Chattanooga police Chief Fred Fletcher has fired as many officers this month as had been fired at the department in all of 2012, 2013 and 2014 combined.

During the last four weeks, Fletcher fired two officers for misconduct and another resigned before he could be fired. Only two other people — one officer and one cadet — have been fired from the department in the last three years, according to police.

Flecher fired former detective David Catchings after he was charged with drunk driving and domestic assault. The chief fired Karl Fields after a woman accused him of making sexual advances while he was investigating her alleged rape. And a third man, Kevin Kincer, resigned after pills went missing from the evidence room he was supposed to be monitoring.

In all three cases, Fletcher plans to ask the Tennessee Peace Officer Standards and Training Commission to decertify the officers — an extra step beyond firing that would mean the men could no longer work as police officers in Tennessee.

Now 10 months into his role as chief, Fletcher said he will routinely ask for POST decertifications whenever officers are fired. That’s a change from past administrations, when decertifications were requested inconsistently.

“We have requested decertifications in the past,” said David Roddy, Fletcher’s chief of staff. “I believe it is our duty, if we have individuals who have violated the community’s trust in us, that we don’t afford them the opportunity to do it again in any community.”
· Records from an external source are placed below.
(* Let $k\ge2$, $1\le\nu\le k-1$, $d\ge2$, $\delta\in\mathbb{C}^*$, and let \[ S(z_1,\dots,z_k)=\big(z_2,\dots,z_k,\ \delta(z_{k-\nu+1}^d-z_1)\big) \] be the shift-like automorphism of $\mathbb{C}^k$ of type $\nu$ and degree $d$, with positive Green's function \[ G^+(z)=\lim_{n\to\infty}\frac1{d^n}\log^+\|S^{\nu n}(z)\|. \] For $R>0$ and $1\le i\le k$ let $V_i=\{z\in\mathbb{C}^k:\|z\|_\infty=|z_i|\ge R\}$, $V_R=\overline{\Delta^k(0;R)}$, $V_R^+=\bigcup_{i=k-\nu+1}^kV_i$ and $V_R^-=\bigcup_{i=1}^{k-\nu}V_i$. Then for every $c>0$ there exists $R>0$ such that $G^+(z)\ge c$ for every $z\in V_R^+$; i.e. $\{z\in\mathbb{C}^k:G^+(z)<c\}\subset V_R\cup V_R^-$.
   Context: $\|z\|_\infty=\max_i|z_i|$, $\log^+t=\max(\log t,0)$, $S^m$ is the $m$-th iterate of $S$, and $\Delta^k(0;R)$ is the polydisc of polyradius $(R,\dots,R)$ centered at $0$. *)

From HB Require Import structures.
From mathcomp Require Import all_boot all_order all_algebra.
From mathcomp Require Import all_classical all_reals all_analysis.
From mathcomp Require Import complex.
Set Implicit Arguments. Unset Strict Implicit. Unset Printing Implicit Defensive.
Import Order.TTheory GRing.Theory Num.Theory.
Import numFieldNormedType.Exports.
Local Open Scope ring_scope.
Local Open Scope complex_scope.
Local Open Scope classical_set_scope.

Definition cabs (R : realType) (z : R[i]) : R := Normc.normc z.

(* coordinate j (0-based) of z : C^k, 0 out of range *)
Definition coord (R : realType) (k : nat) (z : 'rV[R[i]]_k) (j : nat) : R[i] :=
  match @insub nat (fun j => j < k)%N 'I_k j with Some i => z 0 i | None => 0 end.

(* shift-like map (0-based indices):
   S(z)_i = z_{i+1} for i < k-1, S(z)_{k-1} = delta (z_{k-nu}^d - z_0) *)
Definition shift_like (R : realType) (k nu d : nat) (delta : R[i])
  (z : 'rV[R[i]]_k) : 'rV[R[i]]_k :=
  \row_(i < k) (if (i.+1 < k)%N then coord z i.+1
                else delta * (coord z (k - nu) ^+ d - coord z 0)).

Definition supnorm (R : realType) (k : nat) (z : 'rV[R[i]]_k) : R :=
  \big[Num.max/0]_(i < k) cabs (z 0 i).

Definition logplus (R : realType) (t : R) : R := Num.max (ln t) 0.

Definition Gplus (R : realType) (k nu d : nat) (delta : R[i])
  (z : 'rV[R[i]]_k) : R :=
  lim ((fun n : nat => (d%:R ^+ n)^-1 *
          logplus (supnorm (iter (nu * n) (shift_like nu d delta) z))) @ \oo).

(* V_R^+ = union of V_i, i = k-nu+1..k (1-based), i.e. 0-based k-nu <= i < k,
   where V_i = { z : ||z||_oo = |z_i| >= R } *)
Definition VRplus (R : realType) (k nu : nat) (r : R) : set 'rV[R[i]]_k :=
  [set z | exists i : 'I_k, (k - nu <= i)%N /\
             supnorm z = cabs (z 0 i) /\ r <= cabs (z 0 i)].

From Pilot Require Import Defs.
From HB Require Import structures.
From mathcomp Require Import all_boot all_order all_algebra.
From mathcomp Require Import all_classical all_reals all_analysis.
From mathcomp Require Import complex.
From mathcomp Require Import zify ring lra.
Set Implicit Arguments. Unset Strict Implicit. Unset Printing Implicit Defensive.
Import Order.TTheory GRing.Theory Num.Theory.
Import numFieldNormedType.Exports.
Local Open Scope ring_scope.
Local Open Scope complex_scope.
Local Open Scope classical_set_scope.

Local Notation coord := Defs.coord.

(* On V_R^+ the largest coordinate is one of the last nu, and S^nu replaces each of
   these z_p by delta (z_p^d - z_(p+nu-k)) while shifting the others.  For R large
   this keeps the largest coordinate among the last nu and makes ||S^nu z|| equal to
   ||z||^d up to the factors |delta|/2 and 1 + 2|delta|.  Hence L_n = ln ||S^(nu n) z||
   satisfies |L_(n+1) - d L_n| <= B, so L_n / d^n converges to G^+(z), and the limit is
   at least L_0 - B/(d-1) >= ln R - B/(d-1), which exceeds c for R large. *)

Section Modulus.
Variable R : realType.
Implicit Types x y : R[i].

Lemma cabs_ge0 x : 0 <= cabs x.
Proof. by case: x => a b; exact: sqrtr_ge0. Qed.

Lemma cabs_gt0 x : x != 0 -> 0 < cabs x.
Proof.
by move=> x0; rewrite lt_def cabs_ge0 andbT; apply: contra x0 => /eqP/Normc.eq0_normc ->.
Qed.

Lemma cabsM x y : cabs (x * y) = cabs x * cabs y.
Proof. exact: Normc.normcM. Qed.

Lemma cabsX x n : cabs (x ^+ n) = cabs x ^+ n.
Proof.
elim: n => [|n IH]; first by rewrite !expr0 /cabs Normc.normc1.
by rewrite !exprS cabsM IH.
Qed.

Lemma cabsB_le x y : cabs (x - y) <= cabs x + cabs y.
Proof. by rewrite -[cabs y](@normcN R); exact: le_normcD. Qed.

Lemma cabsB_ge x y : cabs x - cabs y <= cabs (x - y).
Proof. by rewrite lerBlDr; have := le_normcD (x - y) y; rewrite subrK. Qed.

End Modulus.

Lemma normr_lnB_le (R : realType) (a b x y : R) : 0 < a -> 0 < y ->
  a * y <= x <= b * y -> `|ln x - ln y| <= `|ln a| + `|ln b|.
Proof.
move=> a0 y0 /andP[ax xb]; have x0 := lt_le_trans (mulr_gt0 a0 y0) ax.
have b0 : 0 < b by rewrite -(pmulr_lgt0 _ y0) (lt_le_trans x0).
have lo : ln a + ln y <= ln x by rewrite -lnM ?posrE // ler_ln ?posrE ?mulr_gt0.
have hi : ln x <= ln b + ln y by rewrite -lnM ?posrE // ler_ln ?posrE ?mulr_gt0.
have := ler_norm (ln b); have := ler_norm (- ln a); rewrite normrN.
have := normr_ge0 (ln a); have := normr_ge0 (ln b).
by rewrite ler_norml => *; apply/andP; split; lra.
Qed.

Section ScaledLimit.
Variables (R : realType) (D : R).

Lemma nondecreasing_scaled (u : R^nat) : 1 < D ->
  (forall n, D * u n <= u n.+1) ->
  nondecreasing_seq (fun n => (D ^+ n)^-1 * u n).
Proof.
move=> D1 uD; apply/nondecreasing_seqP => n.
rewrite exprS invfM -mulrA mulrCA; apply: ler_wpM2l.
  by rewrite invr_ge0 exprn_ge0 //; lra.
by rewrite ler_pdivlMl ?uD //; lra.
Qed.

Lemma limn_scaled_ge (L : R^nat) (B : R) : 1 < D ->
  (forall n, `|L n.+1 - D * L n| <= B) ->
  L 0%N - B / (D - 1) <= limn (fun n => (D ^+ n)^-1 * L n).
Proof.
move=> D1 LB; set C := B / (D - 1); set e := fun n => (D ^+ n)^-1.
have B0 : 0 <= B := le_trans (normr_ge0 _) (LB 0%N).
have C0 : 0 <= C by apply: divr_ge0; lra.
(* D * C = B + C is what makes (L n - C) / D^n increase and (L n + C) / D^n decrease. *)
have DC : D * C = B + C by rewrite /C; field; lra.
have e0 n : 0 <= e n by rewrite invr_ge0 exprn_ge0 //; lra.
have lo_nd : nondecreasing_seq (fun n => e n * (L n - C)).
  by apply: nondecreasing_scaled => // n; move: (LB n); rewrite ler_norml mulrBr DC; lra.
have hi_nd : nondecreasing_seq (fun n => e n * (- L n - C)).
  by apply: nondecreasing_scaled => // n; move: (LB n); rewrite ler_norml mulrBr mulrN DC; lra.
have lo_cvg : cvgn (fun n => e n * (L n - C)).
  apply: nondecreasing_is_cvgn lo_nd _; exists (L 0%N + C) => _ [n _ <-].
  have := hi_nd 0%N n (leq0n n); have := mulr_ge0 (e0 n) C0.
  by rewrite /e expr0 invr1 mul1r; lra.
have e_cvg : e @ \oo --> 0.
  have -> : e = GRing.exp D^-1 by apply/funext => n; rewrite /e exprVn.
  by apply: cvg_expr; rewrite gtr0_norm ?invf_lt1 ?invr_gt0; lra.
have -> : (fun n => e n * L n) = (fun n => e n * (L n - C) + C * e n).
  by apply/funext => n; ring.
rewrite (cvg_lim _ (cvgD lo_cvg (cvgMl_tmp (a := C) e_cvg))) // mulr0 addr0.
by have := nondecreasing_cvgn_le lo_nd lo_cvg 0%N; rewrite /e expr0 invr1 mul1r.
Qed.

End ScaledLimit.

Section SupNorm.
Variables (R : realType) (k : nat).
Implicit Types z w : 'rV[R[i]]_k.

Lemma coord_ord w (i : 'I_k) : coord w i = w 0 i.
Proof. by rewrite /Defs.coord valK. Qed.

Lemma supnorm_ge0 w : 0 <= supnorm w.
Proof. by apply: bigmax_ge_id. Qed.

Lemma cabs_le_supnorm w i : cabs (w 0 i) <= supnorm w.
Proof. exact: le_bigmax. Qed.

Lemma cabs_coord_le_supnorm w p : cabs (coord w p) <= supnorm w.
Proof.
have [pk|kp] := ltnP p k; first by rewrite -[p]/(val (Ordinal pk)) coord_ord cabs_le_supnorm.
by rewrite /coord insubF ?ltnNge ?kp // /cabs Normc.normc0 supnorm_ge0.
Qed.

Lemma supnorm_le w (M : R) : 0 <= M -> (forall i, cabs (w 0 i) <= M) -> supnorm w <= M.
Proof. by move=> M0 wM; apply: bigmax_le. Qed.

Lemma supnorm_attained w : (0 < k)%N -> exists i, supnorm w = cabs (w 0 i).
Proof.
move=> k0; rewrite /supnorm.
have [i _ ->] := @eq_bigmax _ _ _ _ (Ordinal k0) xpredT _ erefl (fun i _ => cabs_ge0 (w 0 i)).
by exists i.
Qed.

Lemma VRplus_tail_max w nu (r : R) (p : 'I_k) :
  (k - nu <= p)%N -> r <= cabs (w 0 p) ->
  (forall q : 'I_k, (q < k - nu)%N -> cabs (w 0 q) <= cabs (w 0 p)) ->
  VRplus nu r w.
Proof.
move=> p_tail rp head_le.
have [j wj] := supnorm_attained w (leq_ltn_trans (leq0n p) (ltn_ord p)).
have [j_head|j_tail] := ltnP j (k - nu).
  exists p; split=> //; split=> //.
  by apply/le_anti; rewrite cabs_le_supnorm wj head_le.
exists j; split=> //; split=> //.
by rewrite -wj (le_trans rp (cabs_le_supnorm _ _)).
Qed.

End SupNorm.

Section ShiftLike.
Variables (R : realType) (k nu d : nat) (delta : R[i]).
Hypotheses (nu_gt0 : (0 < nu)%N) (nu_lt_k : (nu < k)%N).
Implicit Types z w : 'rV[R[i]]_k.

Local Notation S := (shift_like nu d delta).
Local Notation T := (iter nu S).

Lemma coord_shift_like w p : (p < k)%N ->
  coord (S w) p = if (p.+1 < k)%N then coord w p.+1
                  else delta * (coord w (k - nu) ^+ d - coord w 0).
Proof. by move=> pk; rewrite -[p]/(val (Ordinal pk)) coord_ord mxE. Qed.

Lemma coord_iter_shift_like w q p : (q <= nu)%N -> (p < k)%N ->
  coord (iter q S w) p =
  if (p + q < k)%N then coord w (p + q)
  else delta * (coord w (p + q - nu) ^+ d - coord w (p + q - k)).
Proof.
elim: q p => [|q IH] p qnu pk; first by rewrite addn0 pk.
rewrite iterS coord_shift_like //; case: ifP => [pk'|pk'].
  by rewrite IH ?addSnnS //; lia.
rewrite !IH; try lia.
have -> : (k - nu + q < k)%N by lia.
have -> : (0 + q < k)%N by lia.
have -> : (p + q.+1 < k)%N = false by lia.
by congr (_ * (coord w _ ^+ d - coord w _)); lia.
Qed.

Lemma shift_nu_entry w (i : 'I_k) :
  T w 0 i = if (i + nu < k)%N then coord w (i + nu)
            else delta * (w 0 i ^+ d - coord w (i + nu - k)).
Proof. by rewrite -coord_ord coord_iter_shift_like // addnK coord_ord. Qed.

Hypothesis d_ge2 : (2 <= d)%N.
Local Notation m := (cabs delta).

Lemma sqr_le_expr (M : R) : 1 <= M -> M * M <= M ^+ d.
Proof. by move=> M1; rewrite -expr2 ler_weXn2l. Qed.

Lemma shift_nu_head_le w (i : 'I_k) : (i + nu < k)%N -> cabs (T w 0 i) <= supnorm w.
Proof. by move=> head; rewrite shift_nu_entry head cabs_coord_le_supnorm. Qed.

Lemma shift_nu_tail_le w (i : 'I_k) : (k <= i + nu)%N ->
  cabs (T w 0 i) <= m * (supnorm w ^+ d + supnorm w).
Proof.
move=> tail; rewrite shift_nu_entry ltnNge tail /= cabsM.
apply: ler_wpM2l; first exact: cabs_ge0.
apply: le_trans (cabsB_le _ _) _; rewrite cabsX lerD ?cabs_coord_le_supnorm //.
by rewrite lerXn2r ?nnegrE ?cabs_ge0 ?supnorm_ge0 ?cabs_le_supnorm.
Qed.

Lemma shift_nu_tail_ge w (i : 'I_k) : (k - nu <= i)%N ->
  supnorm w = cabs (w 0 i) -> 2 <= supnorm w ->
  m * supnorm w ^+ d / 2 <= cabs (T w 0 i).
Proof.
move=> tail wi M2; have := sqr_le_expr (le_trans (ler1n _ 2) M2).
set M := supnorm w in wi M2 * => MMd; rewrite shift_nu_entry.
have /negbTE -> : ~~ (i + nu < k)%N by rewrite -leqNgt; lia.
rewrite cabsM -mulrA; apply: ler_wpM2l; first exact: cabs_ge0.
apply: le_trans (cabsB_ge _ _); rewrite cabsX -wi.
have := cabs_coord_le_supnorm w (i + nu - k); rewrite -/M; nra.
Qed.

Lemma supnorm_shift_nu_le w : 1 <= supnorm w ->
  supnorm (T w) <= (1 + 2 * m) * supnorm w ^+ d.
Proof.
move=> M1; have Md : supnorm w <= supnorm w ^+ d by apply: ler_eXnr => //; lia.
have m0 := cabs_ge0 delta; have Md0 : 0 <= supnorm w ^+ d by apply: exprn_ge0; lra.
apply: supnorm_le => [|i]; first by apply: mulr_ge0; lra.
have [head|tail] := ltnP (i + nu) k.
  by apply: le_trans (shift_nu_head_le _ head) _; nra.
by apply: le_trans (shift_nu_tail_le _ tail) _; nra.
Qed.

Lemma VRplus_shift_nu (r : R) w : 2 <= r -> 2 <= m * r ->
  VRplus nu r w -> VRplus nu r (T w).
Proof.
move=> r2 mr [i [tail [wi ri]]]; rewrite -wi in ri.
have i_lo := shift_nu_tail_ge tail wi (le_trans r2 ri).
have MMd := sqr_le_expr (le_trans (ler1n _ 2) (le_trans r2 ri)).
have M_le : supnorm w <= cabs (T w 0 i).
  apply: le_trans i_lo; have := cabs_ge0 delta; nra.
apply: (VRplus_tail_max tail); first exact: le_trans M_le.
by move=> q head; apply: le_trans M_le; apply: shift_nu_head_le; lia.
Qed.

Lemma supnorm_shift_nu_ge (r : R) w : 2 <= r -> VRplus nu r w ->
  m * supnorm w ^+ d / 2 <= supnorm (T w).
Proof.
move=> r2 [i [tail [wi ri]]].
by rewrite (le_trans (shift_nu_tail_ge tail wi _) (cabs_le_supnorm _ _)) // wi (le_trans r2).
Qed.

Lemma ln_supnorm_shift_nu_le (r : R) w : 2 <= r -> 2 <= m * r -> VRplus nu r w ->
  `|ln (supnorm (T w)) - d%:R * ln (supnorm w)|
    <= `|ln (m / 2)| + `|ln (1 + 2 * m)|.
Proof.
move=> r2 mr wV; have [i [_ [wi ri]]] := wV; rewrite -wi in ri.
have M0 : 0 < supnorm w by apply: lt_le_trans ri; lra.
have m0 : 0 < m by rewrite -(@pmulr_lgt0 _ r) //; lra.
rewrite mulr_natl -lnXn //; apply: normr_lnB_le; rewrite ?divr_gt0 ?exprn_gt0 //.
rewrite supnorm_shift_nu_le ?andbT; last by apply: le_trans ri; lra.
by rewrite mulrAC (supnorm_shift_nu_ge r2 wV).
Qed.

Lemma Gplus_iter z : (forall n, 1 <= supnorm (iter n T z)) ->
  Gplus nu d delta z = limn (fun n => (d%:R ^+ n)^-1 * ln (supnorm (iter n T z))).
Proof.
move=> z1; rewrite /Gplus; congr (lim (_ @ \oo)); apply/funext => n.
by rewrite mulnC iterM /logplus; congr (_ * _); apply/max_idPl; exact: ln_ge0.
Qed.

End ShiftLike.

Theorem proposition4p3 (R : realType) (k nu d : nat) (delta : R[i]) :
  (2 <= k)%N -> (1 <= nu <= k - 1)%N -> (2 <= d)%N -> delta != 0 ->
  forall c : R, 0 < c ->
  exists r : R, 0 < r /\
    forall z : 'rV[R[i]]_k, VRplus nu r z -> c <= Gplus nu d delta z.
Proof.
move=> k2 /andP[nu_gt0 nu_le] d2 delta0 c c0.
have nu_lt_k : (nu < k)%N by lia.
have d_gt1 : 1 < d%:R :> R by rewrite ltr1n.
pose T := iter nu (@shift_like R k nu d delta).
set m := cabs delta; have m0 : 0 < m := cabs_gt0 delta0.
set C := (`|ln (m / 2)| + `|ln (1 + 2 * m)|) / (d%:R - 1).
set r := Num.max (Num.max 2 (2 / m)) (expR (c + C)).
have r2 : 2 <= r by rewrite !le_max lexx.
have mr : 2 <= m * r by rewrite mulrC -ler_pdivrMr // !le_max lexx orbT.
exists r; split; first lra.
move=> z zV.
have orbit n : VRplus nu r (iter n T z) by elim: n => //= n IH; exact: VRplus_shift_nu.
have big n : r <= supnorm (iter n T z) by have [i [_ [-> ]]] := orbit n.
rewrite Gplus_iter //; last by move=> n; apply: le_trans (big n); lra.
apply: le_trans (limn_scaled_ge d_gt1 _); last first.
  by move=> n; rewrite iterS; exact: ln_supnorm_shift_nu_le (orbit n).
have : expR (c + C) <= supnorm z by apply: le_trans (big 0%N); rewrite le_max lexx orbT.
rewrite -ler_ln ?posrE ?expR_gt0 ?expRK //=; last by apply: lt_le_trans (big 0%N); lra.
by rewrite -/m -/C; lra.
Qed.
But statewide, decertifications are rare. In Tennessee, about 73 officers have lost their POST certifications during the last three years — less than 1 percent of the 14,750 certified officers in the state.

In Georgia, 1,727 people were decertified in that same three-year span. That’s about 3 percent of the 58,000 POST officers in the state. But the numbers can’t be directly compared — each state sets its own POST standards, and no two states have exactly the same grounds for revoking certification.

In some states, officers can be decertified for misdemeanor offenses. In others, an officer must face a felony. Some states have the power to decertify for policy violations; some don’t.

And seven states have no power to decertify officers at all, said Mike Becar, executive director at the International Association of Directors of Law Enforcement Standards and Training.

“Each state is a little different,” he said. “It’s kind of like herding cats sometimes.”

Georgia has one of the nation’s highest rates of decertifying officers. In Georgia, an officer can face decertification for nine major reasons, including for committing any act “which is indicative of bad moral character or untrustworthiness,” according to state law.

Anytime an officer is fired, resigns in lieu of termination or resigns while under investigation, a Georgia POST investigation is triggered.

“We do revoke a lot of people,” said Ken Vance, executive director of the Georgia POST. “Because there are clear-cut violations of the POST act. We have a very stringent process in Georgia.”

In Tennessee, the process is less rigid. Decertification can be started when POST receives a complaint, by a request from an agency or at POST’s discretion. Only convictions on certain crimes qualify an officer for decertification. All felonies do, as well as some misdemeanors — crimes relating to dishonesty, gambling or liquor, for example. A firing doesn’t necessarily trigger a decertification in Tennessee.

“It’s not just enough to be terminated,” said Brian Grisham, executive secretary of TN POST. “It’s terminated for a disciplinary action.”

And while Tennessee POST only monitors peace officers, Georgia POST oversees a much wider pool.

“Corrections officers, juvenile justice officers, state troopers, GBI — if you wear a badge in Georgia, it comes under POST,” Vance said.

That could be one of the reasons Georgia’s decertification numbers are so high, Becar said.

“About half of [POST agencies] certify correctional officers, and some of those tell me that for every peace officer who is decertified there will be two correctional officers decertified,” he said. “It is much higher.”

Vance has seen that trend in Georgia this year. Usually, he sees around 100 officers arrested for felonies in Georgia every year. But this year, there have already been 170 felony arrests.

“I think we’ll get up over 200 this year,” he said. “A lot of it is in the correctional officers area — jailers giving contraband to inmates.”

Grisham said the number of decertifications in Tennessee hasn’t increased much over the years.

“Law enforcement is not experiencing more disciplinary problems,” he said.

But what he has seen, he said, is a shift in the type of disciplinary problems.

“We’ve slipped from issues with agencies having untrained, part-time people problems to more modern issues like misuse of social media and current issues.”

Because the standards are so different from state to state, it’s hard to track national numbers and trends on a widespread scale. But Becar, whose organization has been pushing for more consistent, high-quality POST standards since the 1970s, said he’s noticed more states are moving to establish the authority to decertify or expand the state’s authority to decertify.

His organization keeps an online database of decertified officers to help law enforcement agencies recognize when an officer has been decertified in another state before hiring that officer. Becar also maintains a list of best-practice standards for POST agencies so directors have an idea of what to strive for.

“I don’t know that we’d ever see a national standard unless it is forced on us by the federal government,” Becar said. “But if every state could rise to our model standards, that would be ideal.”